→ Exercise:
From the line containing "destruct (Rle_dec t" down to the final entry below, restate each line word for word.

(Data Opens)

Lemma continuity_rpow0_zero_base (h s : R -> R) x r : 0 < r ->
  (forall y, Rabs (y - x) < r -> 0 <= h y) -> h x = 0 ->
  continuity_pt h x -> continuity_pt s x -> 0 < s x ->
  continuity_pt (fun y => rpow0 (h y) (s y)) x.
Proof.
  intros hr hpos hx0 ch cs hsx.
  apply continuity_pt_eps; intros eps heps.
  set (e := Rmin eps (/ 2)).
  assert (he : 0 < e < 1 /\ e <= eps).
  { unfold e; repeat split; [apply Rmin_glb_lt; lra | | apply Rmin_l].
    pose proof (Rmin_r eps (/ 2)); lra. }
  set (sig := s x / 2).
  assert (heta : 0 < Rpower e (/ sig)) by apply exp_pos.
  destruct (proj1 (continuity_pt_eps s x) cs sig ltac:(unfold sig; lra)) as [r1 [hr1 hs]].
  destruct (proj1 (continuity_pt_eps h x) ch _ heta) as [r2 [hr2 hh]].
  exists (Rmin r (Rmin r1 r2)). split.
  { repeat apply Rmin_glb_lt; easy. }
  intros y hy.
  assert (hyr : Rabs (y - x) < r /\ Rabs (y - x) < r1 /\ Rabs (y - x) < r2).
  { pose proof (Rmin_l r (Rmin r1 r2)). pose proof (Rmin_r r (Rmin r1 r2)).
    pose proof (Rmin_l r1 r2). pose proof (Rmin_r r1 r2). lra. }
  destruct hyr as [hyr [hyr1 hyr2]].
  specialize (hs y hyr1). specialize (hh y hyr2). specialize (hpos y hyr).
  apply Rabs_lt_between in hs.
  rewrite hx0, Rminus_0_r, Rabs_right in hh by lra.
  rewrite hx0, (rpow0_zero_base (s x)), Rminus_0_r, Rabs_right
    by (try apply Rle_ge, rpow0_nonneg; lra).
  apply Rlt_le_trans with e; [apply (rpow0_small _ _ sig) | ]; unfold sig in *; lra.
Qed.

Lemma continuity_rpow0 (h s : R -> R) x r : 0 < r ->
  (forall y, Rabs (y - x) < r -> 0 <= h y) ->
  continuity_pt h x -> continuity_pt s x -> 0 < s x ->
  continuity_pt (fun y => rpow0 (h y) (s y)) x.
Proof.
  intros hr hpos ch cs hsx.
  assert (hx0 : 0 <= h x) by (apply hpos; rewrite Rminus_diag, Rabs_R0; lra).
  destruct (Req_dec (h x) 0) as [hz|hnz].
  { exact (continuity_rpow0_zero_base h s x r hr hpos hz ch cs hsx). }
  assert (hxpos : 0 < h x) by (destruct hx0; [easy | congruence]).
  destruct (proj1 (continuity_pt_eps h x) ch (h x / 2) ltac:(lra)) as [r1 [hr1 hh]].
  apply (continuity_pt_locally_ext (fun y => exp (s y * ln (h y))) _ r1); [easy | |].
  - intros y hy. specialize (hh y hy). apply Rabs_lt_between in hh.
    rewrite rpow0_pos_base by lra. reflexivity.
  - apply (continuity_pt_comp (fun y => s y * ln (h y)) exp).
    + apply (continuity_pt_mult s (fun y => ln (h y))); [easy|].
      apply (continuity_pt_comp h ln); [easy|].
      apply derivable_continuous_pt. exists (/ h x). apply derivable_pt_lim_ln; lra.
    + apply derivable_continuous_pt, derivable_pt_exp.
Qed.

Lemma stepfun_ext_open (f g : R -> R) a b : a <= b -> IsStepFun f a b ->
  (forall x, a < x < b -> f x = g x) -> IsStepFun g a b.
Proof.
  intros hab [l [lf [hord [hfirst [hlast [hlen hconst]]]]]] he.
  exists l, lf. repeat split; try easy.
  intros i hi x hx. rewrite <- he; [now apply hconst|].
  rewrite Rmin_left in hfirst by lra. rewrite Rmax_right in hlast by lra.
  (* each open piece of the subdivision lies inside (a,b) *)
  assert (q1 : pos_Rl l 0 <= pos_Rl l i) by (apply (proj1 (RList_P6 l) hord); lia).
  assert (q2 : pos_Rl l (S i) <= pos_Rl l (pred (length l)))
    by (apply (proj1 (RList_P6 l) hord); lia).
  destruct hx; lra.
Qed.

Lemma RiemannInt_SF_ext_open a b (f g : StepFun a b) : a <= b ->
  (forall x, a < x < b -> f x = g x) -> RiemannInt_SF f = RiemannInt_SF g.
Proof.
  intros hab he.
  apply Rle_antisym; apply StepFun_P37; try easy; intros x hx; rewrite he; lra.
Qed.

Definition pad (c d v : R) (h : R -> R) (x : R) : R :=
  if Rle_dec x c then v else if Rle_dec d x then v else h x.

Lemma pad_pieces a c d b v (h : StepFun c d) : a <= c -> c <= d -> d <= b ->
  (IsStepFun (pad c d v h) a c * IsStepFun (pad c d v h) c d * IsStepFun (pad c d v h) d b)%type.
Proof.
  intros hac hcd hdb. repeat split.
  - apply (stepfun_ext_open (fct_cte v)); [easy | apply StepFun_P4 |].
    intros x hx. unfold pad, fct_cte. destruct (Rle_dec x c); lra.
  - apply (stepfun_ext_open h); [easy | apply pre |].
    intros x hx. unfold pad. destruct (Rle_dec x c); [lra|]. destruct (Rle_dec d x); [lra | easy].
  - apply (stepfun_ext_open (fct_cte v)); [easy | apply StepFun_P4 |].
    intros x hx. unfold pad, fct_cte. destruct (Rle_dec x c); [lra|]. destruct (Rle_dec d x); lra.
Qed.

Lemma pad_stepfun a c d b v (h : StepFun c d) : a <= c -> c <= d -> d <= b ->
  IsStepFun (pad c d v h) a b.
Proof.
  intros hac hcd hdb. destruct (pad_pieces a c d b v h hac hcd hdb) as [[p1 p2] p3].
  exact (StepFun_P46 p1 (StepFun_P46 p2 p3)).
Qed.

Lemma pad_integral a c d b v (h : StepFun c d) (pr : IsStepFun (pad c d v h) a b) :
  a <= c -> c <= d -> d <= b ->
  RiemannInt_SF (mkStepFun pr) = v * (c - a) + RiemannInt_SF h + v * (b - d).
Proof.
  intros hac hcd hdb. destruct (pad_pieces a c d b v h hac hcd hdb) as [[p1 p2] p3].
  rewrite <- (StepFun_P43 p1 (StepFun_P46 p2 p3) pr), <- (StepFun_P43 p2 p3).
  rewrite <- (StepFun_P18 a c v), <- (StepFun_P18 d b v).
  rewrite !Rplus_assoc. f_equal; [|f_equal];
    apply RiemannInt_SF_ext_open; try easy; intros x hx; simpl; unfold pad, fct_cte;
    destruct (Rle_dec x c); try lra; destruct (Rle_dec d x); lra.
Qed.

(* A function bounded by M on [a,b] and Riemann integrable on every compact
   subinterval of (a,b) is Riemann integrable on [a,b]: on the two edges of
   width dl the step functions 0 and M enclose it, at a cost 2 M dl. *)
Lemma integrable_of_interior (F : R -> R) a b M : a < b ->
  (forall x, a <= x <= b -> Rabs (F x) <= M) ->
  (forall c d, a < c -> c <= d -> d < b -> Riemann_integrable F c d) ->
  Riemann_integrable F a b.
Proof.
  intros hab hM hint eps.
  assert (M0 : 0 <= M) by (pose proof (hM a ltac:(lra)); pose proof (Rabs_pos (F a)); lra).
  pose proof (cond_pos eps) as heps.
  set (dl := Rmin ((b - a) / 3) (eps / (4 * (M + 1)))).
  assert (hdl : 0 < dl) by (apply Rmin_glb_lt; apply Rdiv_lt_0_compat; lra).
  assert (hdl1 : dl <= (b - a) / 3) by apply Rmin_l.
  assert (hdl2 : (M + 1) * (4 * dl) <= eps).
  { assert (hr : dl <= eps / (4 * (M + 1))) by apply Rmin_r.
    replace (pos eps) with (4 * (M + 1) * (eps / (4 * (M + 1)))) by (field; lra). nra. }
  set (c := a + dl). set (d := b - dl).
  assert (hac : a <= c) by (unfold c; lra). assert (hcd : c <= d) by (unfold c, d; lra).
  assert (hdb : d <= b) by (unfold d; lra).
  assert (heps2 : 0 < eps / 2) by lra.
  destruct (hint c d ltac:(unfold c; lra) hcd ltac:(unfold d; lra) (mkposreal _ heps2))
    as [phi [psi [hF hpsi]]]; simpl in hpsi.
  rewrite Rmin_left, Rmax_right in hF by lra.
  exists (mkStepFun (pad_stepfun a c d b 0 phi hac hcd hdb)).
  exists (mkStepFun (pad_stepfun a c d b M psi hac hcd hdb)).
  split.
  - intros t ht. rewrite Rmin_left, Rmax_right in ht by lra. simpl. unfold pad.
    destruct (Rle_dec t c); [|destruct (Rle_dec d t)]; try (rewrite Rminus_0_r; apply hM; lra).
    apply hF; lra.
  - rewrite pad_integral by easy.
    assert (hedges : M * (c - a) + M * (b - d) < eps / 2) by (unfold c, d; nra).
    assert (hedges0 : 0 <= M * (c - a) + M * (b - d)) by (unfold c, d; nra).
    apply Rabs_lt_between in hpsi. apply Rabs_lt_between. lra.
Qed.

Definition weight (a b x : R) : R := (x - a) / (b - a).

Definition majorant (a b : R) (f g : R -> R) (x : R) : R :=
  let t := weight a b x in
  t * ((1 - t) * f a + t * f b) + (1 - t) * ((1 - t) * g a + t * g b).

Definition majorant_primitive (a b : R) (f g : R -> R) (x : R) : R :=
  let t := weight a b x in
  (b - a) * (f a * (t ^ 2 / 2 - t ^ 3 / 3) + f b * (t ^ 3 / 3)
             - g a * ((1 - t) ^ 3 / 3) + g b * (t ^ 2 / 2 - t ^ 3 / 3)).

Lemma weight_bounds a b x : a < b -> a <= x <= b -> 0 <= weight a b x <= 1.
Proof.
  intros hab hx; unfold weight.
  split; [apply Rdiv_le_0_compat | apply (Rdiv_le_1 (x - a))]; lra.
Qed.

(Data Closes)

→ Reply to the task:
    destruct (Rle_dec t c); [|destruct (Rle_dec d t)]; try (rewrite Rminus_0_r; apply hM; lra).
    apply hF; lra.
  - rewrite pad_integral by easy.
    assert (hedges : M * (c - a) + M * (b - d) < eps / 2) by (unfold c, d; nra).
    assert (hedges0 : 0 <= M * (c - a) + M * (b - d)) by (unfold c, d; nra).
    apply Rabs_lt_between in hpsi. apply Rabs_lt_between. lra.
Qed.

Definition weight (a b x : R) : R := (x - a) / (b - a).

Definition majorant (a b : R) (f g : R -> R) (x : R) : R :=
  let t := weight a b x in
  t * ((1 - t) * f a + t * f b) + (1 - t) * ((1 - t) * g a + t * g b).

Definition majorant_primitive (a b : R) (f g : R -> R) (x : R) : R :=
  let t := weight a b x in
  (b - a) * (f a * (t ^ 2 / 2 - t ^ 3 / 3) + f b * (t ^ 3 / 3)
             - g a * ((1 - t) ^ 3 / 3) + g b * (t ^ 2 / 2 - t ^ 3 / 3)).

Lemma weight_bounds a b x : a < b -> a <= x <= b -> 0 <= weight a b x <= 1.
Proof.
  intros hab hx; unfold weight.
  split; [apply Rdiv_le_0_compat | apply (Rdiv_le_1 (x - a))]; lra.
Qed.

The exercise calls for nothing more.